The defendants further argue that damages are inherently a question of fact that cannot be resolved on summary judgment and that the plaintiff's proof of damages, supported only by the "conclusory" declaration of Catherine Hite and the documentation attached to the complaint, is insufficient. The defendants, however, do not refute any part of Catherine Hite's declaration or the plaintiff's assertions regarding the damages owed, and they have presented no evidence to suggest that the liquidated-damages clause at Section 16 of the License Agreements functions as a penalty or unenforceable forfeiture. A dispute of fact is "genuine" only if based on evidence upon which a reasonable jury could return a verdict in favor of the non-moving party. Hedrick v. W. Reserve Care Sys., 355 F.3d 444, 451 (6th Cir. 2004). The defendants have not effectively refuted the evidence offered by the plaintiff.
Id. at *14-15. The court concluded that the defendants had not established the existence of a material dispute of fact and held that SNA was entitled to summary judgment on the breach of contract claims. Id. at *15.

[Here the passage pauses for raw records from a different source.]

(* A $\tau$-equivariant polynomial automorphism of $\mathcal{D}$ extends uniquely to a polynomial automorphism of $\mathcal{M}(2;\mathbb{C})$ compatible with conjugation.
   Context: $\mathcal{D}$ is the set of diagonal $2\times2$ complex matrices, identified with $\mathbb{C}^2$ via $\mathrm{diag}(\lambda_1,\lambda_2)\mapsto(\lambda_1,\lambda_2)$; $\tau(\lambda_1,\lambda_2)=(\lambda_2,\lambda_1)$, and $\tau$-equivariant means commuting with $\tau$. A map $\Phi$ of $\mathcal{M}(2;\mathbb{C})$ is compatible with conjugation if $\mathrm{A}\Phi(\mathrm{M})\mathrm{A}^{-1}=\Phi(\mathrm{A}\mathrm{M}\mathrm{A}^{-1})$ for all $\mathrm{A}\in\mathrm{GL}(2;\mathbb{C})$; the extension restricts to the given automorphism on $\mathcal{D}$. *)

(* complex numbers C = R[i] for R : realType (i.e. C up to iso),
   polynomial maps via multinomials' {mpoly C[n]}. *)
From HB Require Import structures.
From mathcomp Require Import all_boot all_order all_algebra.
From mathcomp Require Import reals.
From mathcomp Require Import complex.
From mathcomp Require Import mpoly.
Set Implicit Arguments. Unset Strict Implicit. Unset Printing Implicit Defensive.
Import GRing.Theory Num.Theory.
Local Open Scope ring_scope.
Local Open Scope complex_scope.

Section Defs.
Variable R : realType.
Local Notation C := (R[i]).

Definition poly_fun (n : nat) (g : ('I_n -> C) -> C) : Prop :=
  exists p : {mpoly C[n]}, forall x : 'I_n -> C, g x = p.@[x].

(* D identified with C^2 = C * C *)
Definition poly_map2 (f : C * C -> C * C) : Prop :=
  poly_fun (fun x : 'I_2 -> C => (f (x ord0, x (lift ord0 ord0))).1) /\
  poly_fun (fun x : 'I_2 -> C => (f (x ord0, x (lift ord0 ord0))).2).

Definition poly_auto2 (f : C * C -> C * C) : Prop :=
  poly_map2 f /\ exists g, poly_map2 g /\ cancel f g /\ cancel g f.

Definition tau (l : C * C) : C * C := (l.2, l.1).

(* M(2;C) identified with C^4 via mxvec *)
Definition mx_of_coords (x : 'I_(2 * 2) -> C) : 'M[C]_2 := vec_mx (\row_k x k).

Definition poly_mapM (Phi : 'M[C]_2 -> 'M[C]_2) : Prop :=
  forall i j : 'I_2, poly_fun (fun x => Phi (mx_of_coords x) i j).

Definition poly_autoM (Phi : 'M[C]_2 -> 'M[C]_2) : Prop :=
  poly_mapM Phi /\ exists Psi, poly_mapM Psi /\ cancel Phi Psi /\ cancel Psi Phi.

Definition compat_conj (Phi : 'M[C]_2 -> 'M[C]_2) : Prop :=
  forall A M : 'M[C]_2, A \in unitmx ->
    A *m Phi M *m invmx A = Phi (A *m M *m invmx A).

Definition diagD (l : C * C) : 'M[C]_2 :=
  diag_mx (\row_(i < 2) if i == ord0 then l.1 else l.2).

End Defs.

From HB Require Import structures.
From mathcomp Require Import all_boot all_order all_algebra.
From mathcomp Require Import boolp reals complex mpoly ring.
Set Implicit Arguments. Unset Strict Implicit. Unset Printing Implicit Defensive.
Import GRing.Theory Num.Theory.
Local Open Scope ring_scope.

(* For a 2x2 matrix, adj M = tr(M) - M commutes with M and acts on
   diag(a, b) as diag(b, a).  Writing f = (p, p o tau), the map
   M |-> p(M, adj M) is therefore polynomial, compatible with conjugation,
   and restricts to f on the diagonal; the same construction for f^-1 gives
   its inverse.  Uniqueness: two such maps agree on diagonalisable upper
   triangular matrices by conjugation, on all upper triangular ones because
   a polynomial in the (2,2) entry vanishing off one point vanishes, and on
   all matrices since every matrix is conjugate to an upper triangular one. *)

Local Notation i0 := (ord0 : 'I_2).
Local Notation i1 := (lift ord0 ord0 : 'I_2).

We find it significant that, in Shoney's North America, the party moving for summary judgment, SNA, supported its motion with a declaration and explanation of how the party calculated the amounts of liquidated damages. In the present case, the moving party, Seller, supported its motion only with a statement of undisputed material facts and the Agreement and amendments. These contracts do not contain a metric for calculating the amount of liquidated damages or an explanation of the basis for the amounts provided. Rather, the contracts simply establish amounts of liquidated damages agreed to by the parties as the negotiations continued.

In its opinion, the trial court likened this case to Kendrick v. Alexander, 844 S.W.2d 187 (Tenn. Ct. App. 1992), which also involved a real estate purchase agreement. The original contract required $10,000 in earnest money with a total purchase price of $500,000. Kendrick, 844 S.W.2d at 188. The parties later extended the closing date and provided for additional liquidated damages in the total amount of $50,000. Id. at 189-90. This Court found that, under the circumstances, the $60,000 in liquidated damages was "reasonable in relation to the terms of the parties' contract." Id. at 190. The court noted that "the parties' renegotiation of the liquidated damages provision comprised part of the consideration for Defendants' extensions of the closing date." Id. at 190-91. In distinguishing the circumstances before it from those in Harmon v. Eggers, the court emphasized that "the amount of liquidated damages equals only twelve percent (12%) of the purchase price." Id. at 191. The court reversed the trial court's determination that the amount of liquidated damages constituted a penalty. Id.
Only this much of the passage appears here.